* Exercise details
Give back exactly the lines of the material below, starting with the line with "Lemma nedges4_swap23 a" and going on through the line with "Section Homogeneous.".
=-=-=-=-=
Definition Crel (E : N -> N -> N -> bool) (le : N -> N -> Prop) (x y z : N) : Prop :=
  (y = z /\ y <> x) \/
  (x <> y /\ y <> z /\ x <> z /\ lt_of le x y /\ lt_of le x z /\ E x y z = true) \/
  (x <> y /\ y <> z /\ x <> z /\ lt_of le y x /\ lt_of le z x /\ E x y z = false).

End Defs.

(* Homogeneity together with the invariance of the order makes any two increasing pairs,
   and any two increasing triples with the same edge status, conjugate under an
   automorphism; so a configuration realised by an increasing 4-set can be transported
   onto a given pair or triple, the remaining point landing in the prescribed position.
   The hypotheses on 4-sets leave exactly five types of increasing 4-sets, with 0, 1, 2,
   3 or 4 edges, and all of them occur.  The witnesses for (C8) are the transported
   fourth points of the complete, empty, one-edge and three-edge types, chosen by
   whether x is below or above y and z; compatibility is read off the definition of C. *)

From Stdlib Require Import List Arith Lia Classical ClassicalEpsilon.
Import ListNotations.

Section StrictOrder.

Context {N : Type} {le : N -> N -> Prop}.
Hypothesis le_total : is_total_order le.
Local Notation lt := (lt_of le).

Lemma lt_of_irrefl {x} : ~ lt x x.
Proof. intros [_ H]; auto. Qed.

Lemma lt_of_neq {x y} : lt x y -> x <> y.
Proof. intros [_ H]; exact H. Qed.

Lemma lt_of_trans {x y z} : lt x y -> lt y z -> lt x z.
Proof.
  destruct le_total as (_ & le_antisym & le_trans & _).
  intros [xy nxy] [yz nyz]; split; [eauto|].
  intros <-; auto.
Qed.

Lemma lt_of_asym {x y} : lt x y -> ~ lt y x.
Proof.
  destruct le_total as (_ & le_antisym & _ & _).
  intros [xy nxy] [yx _]; auto.
Qed.

Lemma lt_of_total {x y} : x <> y -> lt x y \/ lt y x.
Proof.
  destruct le_total as (_ & _ & _ & le_tot).
  intros nxy; destruct (le_tot x y); [left | right]; split; auto.
Qed.

Ltac lt_contradiction :=
  exfalso;
  match goal with
  | H : lt_of le ?u ?u |- _ => exact (lt_of_irrefl H)
  | H1 : lt_of le ?u ?v, H2 : lt_of le ?v ?u |- _ => exact (lt_of_asym H1 H2)
  end.

Definition increasing4 (p q r s : N) : Prop := lt p q /\ lt q r /\ lt r s.

Lemma NoDup_increasing2 {a b} : lt a b -> NoDup [a; b].
Proof.
  intros ab; repeat constructor; simpl; intuition subst; lt_contradiction.
Qed.

Lemma NoDup_increasing3 {a b c} : lt a b -> lt b c -> NoDup [a; b; c].
Proof.
  intros ab bc; pose proof (lt_of_trans ab bc) as ac.
  repeat constructor; simpl; intuition subst; lt_contradiction.
Qed.

Lemma increasing2_in_increasing2 {a b x y} :
  lt a b -> lt x y -> In x [a; b] -> In y [a; b] -> x = a /\ y = b.
Proof.
  intros ab xy Hx Hy; simpl in Hx, Hy.
  destruct Hx as [<-|[<-|[]]]; destruct Hy as [<-|[<-|[]]];
    solve [ auto | lt_contradiction ].
Qed.

Lemma increasing3_in_increasing3 {a b c x y z} :
  lt a b -> lt b c -> lt x y -> lt y z ->
  In x [a; b; c] -> In y [a; b; c] -> In z [a; b; c] -> x = a /\ y = b /\ z = c.
Proof.
  intros ab bc xy yz Hx Hy Hz.
  pose proof (lt_of_trans ab bc) as ac; pose proof (lt_of_trans xy yz) as xz.
  simpl in Hx, Hy, Hz.
  destruct Hx as [<-|[<-|[<-|[]]]]; destruct Hy as [<-|[<-|[<-|[]]]];
    destruct Hz as [<-|[<-|[<-|[]]]];
    solve [ auto | lt_contradiction ].
Qed.

Lemma sort_distinct4 (P : N -> N -> N -> N -> Prop) :
  (forall a b c d, P a b c d -> P b a c d) ->
  (forall a b c d, P a b c d -> P a c b d) ->
  (forall a b c d, P a b c d -> P a b d c) ->
  forall a b c d, distinct4 a b c d -> P a b c d ->
  exists p q r s, increasing4 p q r s /\ P p q r s.
Proof.
  intros P12 P23 P34.
  assert (insert4 : forall a b c d, lt a b -> lt b c -> d <> a -> d <> b -> d <> c ->
            P a b c d -> exists p q r s, increasing4 p q r s /\ P p q r s).
  { intros a b c d ab bc da db dc H.
    destruct (lt_of_total (not_eq_sym dc)) as [cd|dc'].
    { exists a, b, c, d; exact (conj (conj ab (conj bc cd)) H). }
    destruct (lt_of_total (not_eq_sym db)) as [bd|db'].
    { exists a, b, d, c; exact (conj (conj ab (conj bd dc')) (P34 _ _ _ _ H)). }
    destruct (lt_of_total (not_eq_sym da)) as [ad|da'].
    { exists a, d, b, c; exact (conj (conj ad (conj db' bc)) (P23 _ _ _ _ (P34 _ _ _ _ H))). }
    exists d, a, b, c.
    exact (conj (conj da' (conj ab bc)) (P12 _ _ _ _ (P23 _ _ _ _ (P34 _ _ _ _ H)))). }
  assert (insert3 : forall a b c d, lt a b -> c <> a -> c <> b -> d <> a -> d <> b -> d <> c ->
            P a b c d -> exists p q r s, increasing4 p q r s /\ P p q r s).
  { intros a b c d ab ca cb da db dc H.
    destruct (lt_of_total (not_eq_sym cb)) as [bc|cb'].
    { apply (insert4 a b c d); auto. }
    destruct (lt_of_total (not_eq_sym ca)) as [ac|ca'].
    { apply (insert4 a c b d); auto. }
    apply (insert4 c a b d); auto. }
  intros a b c d (ab & ac & ad & bc & bd & cd) H.
  destruct (lt_of_total ab) as [ab'|ba'].
  - apply (insert3 a b c d); auto.
  - apply (insert3 b a c d); auto.
Qed.

End StrictOrder.

Arguments increasing4 {N} le p q r s.

Lemma exists_fun_pair {N : Type} (a b a' b' : N) :
  a <> b -> exists f : N -> N, f a = a' /\ f b = b'.
Proof.
  intros nab.
  exists (fun t => if excluded_middle_informative (t = a) then a' else b').
  destruct (excluded_middle_informative (a = a)), (excluded_middle_informative (b = a));
    split; congruence.
Qed.

Lemma exists_fun_triple {N : Type} (a b c a' b' c' : N) :
  a <> b -> a <> c -> b <> c -> exists f : N -> N, f a = a' /\ f b = b' /\ f c = c'.
Proof.
  intros nab nac nbc.
  exists (fun t => if excluded_middle_informative (t = a) then a'
                   else if excluded_middle_informative (t = b) then b' else c').
  destruct (excluded_middle_informative (a = a)), (excluded_middle_informative (b = a)),
    (excluded_middle_informative (b = b)), (excluded_middle_informative (c = a)),
    (excluded_middle_informative (c = b)); repeat split; congruence.
Qed.

Section Hypergraph.

Context {N : Type} (E : N -> N -> N -> bool).
Hypothesis E_hyper : is_3hypergraph E.

Lemma E_swap12 x y z : E y x z = E x y z.
Proof. destruct E_hyper as (H12 & _ & _); auto. Qed.

Lemma E_swap23 x y z : E x z y = E x y z.
Proof. destruct E_hyper as (_ & H23 & _); auto. Qed.

Lemma E_swap13 x y z : E z y x = E x y z.
Proof. rewrite E_swap12, E_swap23, E_swap12; reflexivity. Qed.

Lemma E_rotate x y z : E y z x = E x y z.
Proof. rewrite E_swap23, E_swap12; reflexivity. Qed.

Lemma E_distinct x y z : E x y z = true -> x <> y /\ y <> z /\ x <> z.
Proof. destruct E_hyper as (_ & _ & H); auto. Qed.

Lemma E_not_distinct x y z : x = y \/ y = z \/ x = z -> E x y z = false.
Proof.
  intros Heq; destruct (E x y z) eqn:e; [|reflexivity].
  apply E_distinct in e; tauto.
Qed.

Lemma E_on_triple a b c x y z :
  In x [a; b; c] -> In y [a; b; c] -> In z [a; b; c] ->
  x <> y -> y <> z -> x <> z -> E x y z = E a b c.
Proof.
  intros Hx Hy Hz; simpl in Hx, Hy, Hz.
  destruct Hx as [<-|[<-|[<-|[]]]]; destruct Hy as [<-|[<-|[<-|[]]]];
    destruct Hz as [<-|[<-|[<-|[]]]]; intros; try congruence;
    first [ reflexivity | apply E_swap12 | apply E_swap23 | apply E_rotate
          | symmetry; apply E_rotate | rewrite E_swap23; symmetry; apply E_rotate ].
Qed.

Lemma E_on_pair a b x y z :
  In x [a; b] -> In y [a; b] -> In z [a; b] -> E x y z = false.
Proof.
  intros Hx Hy Hz; apply E_not_distinct; simpl in Hx, Hy, Hz.
  destruct Hx as [<-|[<-|[]]]; destruct Hy as [<-|[<-|[]]]; destruct Hz as [<-|[<-|[]]];
    auto.
Qed.

Definition edge_pattern (p q r s : N) : bool * bool * bool * bool :=
  (E p q r, E p q s, E p r s, E q r s).

Definition pattern_size (pat : bool * bool * bool * bool) : nat :=
  let '(e1, e2, e3, e4) := pat in Nat.b2n e1 + Nat.b2n e2 + Nat.b2n e3 + Nat.b2n e4.

Lemma nedges4_edge_pattern p q r s : nedges4 E p q r s = pattern_size (edge_pattern p q r s).
Proof. reflexivity. Qed.

Lemma aut_edge_pattern g p q r s :
  is_aut E g -> edge_pattern (g p) (g q) (g r) (g s) = edge_pattern p q r s.
Proof. intros [_ Hg]; unfold edge_pattern; rewrite !Hg; reflexivity. Qed.

Lemma nedges4_swap12 a b c d : nedges4 E a b c d = nedges4 E b a c d.
Proof. unfold nedges4; rewrite (E_swap12 a b c), (E_swap12 a b d); lia. Qed.

Lemma nedges4_swap23 a b c d : nedges4 E a b c d = nedges4 E a c b d.
Proof. unfold nedges4; rewrite (E_swap23 a b c), (E_swap12 b c d); lia. Qed.

Lemma nedges4_swap34 a b c d : nedges4 E a b c d = nedges4 E a b d c.
Proof. unfold nedges4; rewrite (E_swap23 a c d), (E_swap23 b c d); lia. Qed.

Lemma Crel_diag le x y : y <> x -> Crel E le x y y.
Proof. intros; left; auto. Qed.

Lemma Crel_min le x y z :
  lt_of le x y -> lt_of le x z -> E x y z = true -> Crel E le x y z.
Proof.
  intros xy xz e; pose proof (E_distinct _ _ _ e) as (nxy & nyz & nxz).
  right; left; exact (conj nxy (conj nyz (conj nxz (conj xy (conj xz e))))).
Qed.

Lemma Crel_max le x y z :
  lt_of le y x -> lt_of le z x -> y <> z -> E x y z = false -> Crel E le x y z.
Proof.
  intros yx zx nyz e; right; right.
  exact (conj (not_eq_sym (lt_of_neq yx)) (conj nyz
           (conj (not_eq_sym (lt_of_neq zx)) (conj yx (conj zx e))))).
Qed.

Lemma Crel_swap le x y z : Crel E le x y z -> Crel E le x z y.
Proof.
  intros [[-> nyx] | [H | H]]; [left; auto | right; left | right; right];
    rewrite E_swap23; intuition congruence.
Qed.

End Hypergraph.

Section Homogeneous.

Context {N : Type} (E : N -> N -> N -> bool) (le : N -> N -> Prop).
Hypotheses (E_hyper : is_3hypergraph E) (E_homogeneous : set_homogeneous_le4 E)
  (le_total : is_total_order le) (le_aut_invariant : order_preserved E le).
Hypothesis E_types : forall i, 1 <= i <= 3 ->
  exists a b c d, distinct4 a b c d /\ nedges4 E a b c d = i.
Hypothesis E_rule : forall u1 u2 u3 u4,
  lt_of le u1 u2 -> lt_of le u2 u3 -> lt_of le u3 u4 ->
  (nedges4 E u1 u2 u3 u4 = 1 -> E u1 u2 u3 = true) /\
  (nedges4 E u1 u2 u3 u4 = 2 -> E u1 u3 u4 = true /\ E u2 u3 u4 = true) /\
  (nedges4 E u1 u2 u3 u4 = 3 ->
     E u1 u2 u3 = true /\ E u1 u2 u4 = true /\ E u1 u3 u4 = true).

Local Notation lt := (lt_of le).
Local Notation edge_pattern := (edge_pattern E).

Ltac E_perm H :=
  first [ exact H | rewrite (E_swap12 E E_hyper); exact H | rewrite (E_swap23 E E_hyper); exact H
        | rewrite (E_swap13 E E_hyper); exact H | rewrite (E_rotate E E_hyper); exact H
        | rewrite <- (E_rotate E E_hyper); exact H ].

Lemma aut_lt g x y : is_aut E g -> lt x y -> lt (g x) (g y).
Proof.
  intros Hg [xy nxy]; split; [exact (le_aut_invariant g Hg x y xy)|].
  destruct Hg as [[h [hg _]] _].
  intros e; apply nxy; rewrite <- (hg x), <- (hg y), e; reflexivity.
Qed.

Lemma aut_increasing4 g p q r s :
  is_aut E g -> increasing4 le p q r s -> increasing4 le (g p) (g q) (g r) (g s).
Proof. intros Hg (pq & qr & rs); repeat split; apply aut_lt; assumption. Qed.

Lemma homogeneous_pair a b a' b' :
  lt a b -> lt a' b' ->
  exists g, is_aut E g /\ (forall v, In v [a'; b'] <-> exists u, In u [a; b] /\ g u = v).
Proof.
  intros ab ab'.
  destruct (exists_fun_pair a b a' b' (lt_of_neq ab)) as (f & fa & fb).
  pose proof (lt_of_neq ab') as nab'.
  apply E_homogeneous.
  - exact (NoDup_increasing2 ab).
  - exact (NoDup_increasing2 ab').
  - simpl; lia.
  - reflexivity.
  - exists f; split; [|split].
    + intros x Hx; simpl in Hx |- *.
      destruct Hx as [<-|[<-|[]]]; rewrite ?fa, ?fb; auto.
    + intros x y Hx Hy; simpl in Hx, Hy.
      destruct Hx as [<-|[<-|[]]]; destruct Hy as [<-|[<-|[]]]; congruence.
    + intros x y z Hx Hy Hz.
      rewrite (E_on_pair E E_hyper a b x y z), (E_on_pair E E_hyper a' b'); auto;
        simpl in Hx, Hy, Hz |- *;
        destruct Hx as [<-|[<-|[]]]; destruct Hy as [<-|[<-|[]]];
        destruct Hz as [<-|[<-|[]]]; rewrite ?fa, ?fb; auto.
Qed.

Lemma homogeneous_triple a b c a' b' c' :
  lt a b -> lt b c -> lt a' b' -> lt b' c' -> E a b c = E a' b' c' ->
  exists g, is_aut E g /\
    (forall v, In v [a'; b'; c'] <-> exists u, In u [a; b; c] /\ g u = v).
Proof.
  intros ab bc ab' bc' Habc.
  destruct (exists_fun_triple a b c a' b' c' (lt_of_neq ab)
              (lt_of_neq (lt_of_trans le_total ab bc)) (lt_of_neq bc)) as (f & fa & fb & fc).
  pose proof (NoDup_increasing3 le_total ab' bc') as V_nodup.
  assert (f_into : forall x, In x [a; b; c] -> In (f x) [a'; b'; c']).
  { intros x Hx; simpl in Hx |- *.
    destruct Hx as [<-|[<-|[<-|[]]]]; rewrite ?fa, ?fb, ?fc; auto. }
  assert (f_inj : forall x y, In x [a; b; c] -> In y [a; b; c] -> f x = f y -> x = y).
  { inversion_clear V_nodup as [|? ? nin' V_nodup']; inversion_clear V_nodup'.
    intros x y Hx Hy; simpl in Hx, Hy, nin'.
    destruct Hx as [<-|[<-|[<-|[]]]]; destruct Hy as [<-|[<-|[<-|[]]]];
      rewrite ?fa, ?fb, ?fc; simpl in *; intuition congruence. }
  apply E_homogeneous; [exact (NoDup_increasing3 le_total ab bc) | exact V_nodup
                        | simpl; lia | reflexivity |].
  exists f; split; [exact f_into|split; [exact f_inj|]].
  intros x y z Hx Hy Hz.
  destruct (classic (x = y \/ y = z \/ x = z)) as [Heq|Hdist].
  - rewrite !E_not_distinct; auto; intuition congruence.
  - assert (f x <> f y /\ f y <> f z /\ f x <> f z) as (nxy & nyz & nxz)
      by (repeat split; intros e; apply Hdist; eauto).
    rewrite (E_on_triple E E_hyper a' b' c' (f x) (f y) (f z)),
      (E_on_triple E E_hyper a b c x y z); auto; intuition.
Qed.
=-=-=-=-=
* Result for this task
Lemma nedges4_swap23 a b c d : nedges4 E a b c d = nedges4 E a c b d.
Proof. unfold nedges4; rewrite (E_swap23 a b c), (E_swap12 b c d); lia. Qed.

Lemma nedges4_swap34 a b c d : nedges4 E a b c d = nedges4 E a b d c.
Proof. unfold nedges4; rewrite (E_swap23 a c d), (E_swap23 b c d); lia. Qed.

Lemma Crel_diag le x y : y <> x -> Crel E le x y y.
Proof. intros; left; auto. Qed.

Lemma Crel_min le x y z :
  lt_of le x y -> lt_of le x z -> E x y z = true -> Crel E le x y z.
Proof.
  intros xy xz e; pose proof (E_distinct _ _ _ e) as (nxy & nyz & nxz).
  right; left; exact (conj nxy (conj nyz (conj nxz (conj xy (conj xz e))))).
Qed.

Lemma Crel_max le x y z :
  lt_of le y x -> lt_of le z x -> y <> z -> E x y z = false -> Crel E le x y z.
Proof.
  intros yx zx nyz e; right; right.
  exact (conj (not_eq_sym (lt_of_neq yx)) (conj nyz
           (conj (not_eq_sym (lt_of_neq zx)) (conj yx (conj zx e))))).
Qed.

Lemma Crel_swap le x y z : Crel E le x y z -> Crel E le x z y.
Proof.
  intros [[-> nyx] | [H | H]]; [left; auto | right; left | right; right];
    rewrite E_swap23; intuition congruence.
Qed.

End Hypergraph.

Section Homogeneous.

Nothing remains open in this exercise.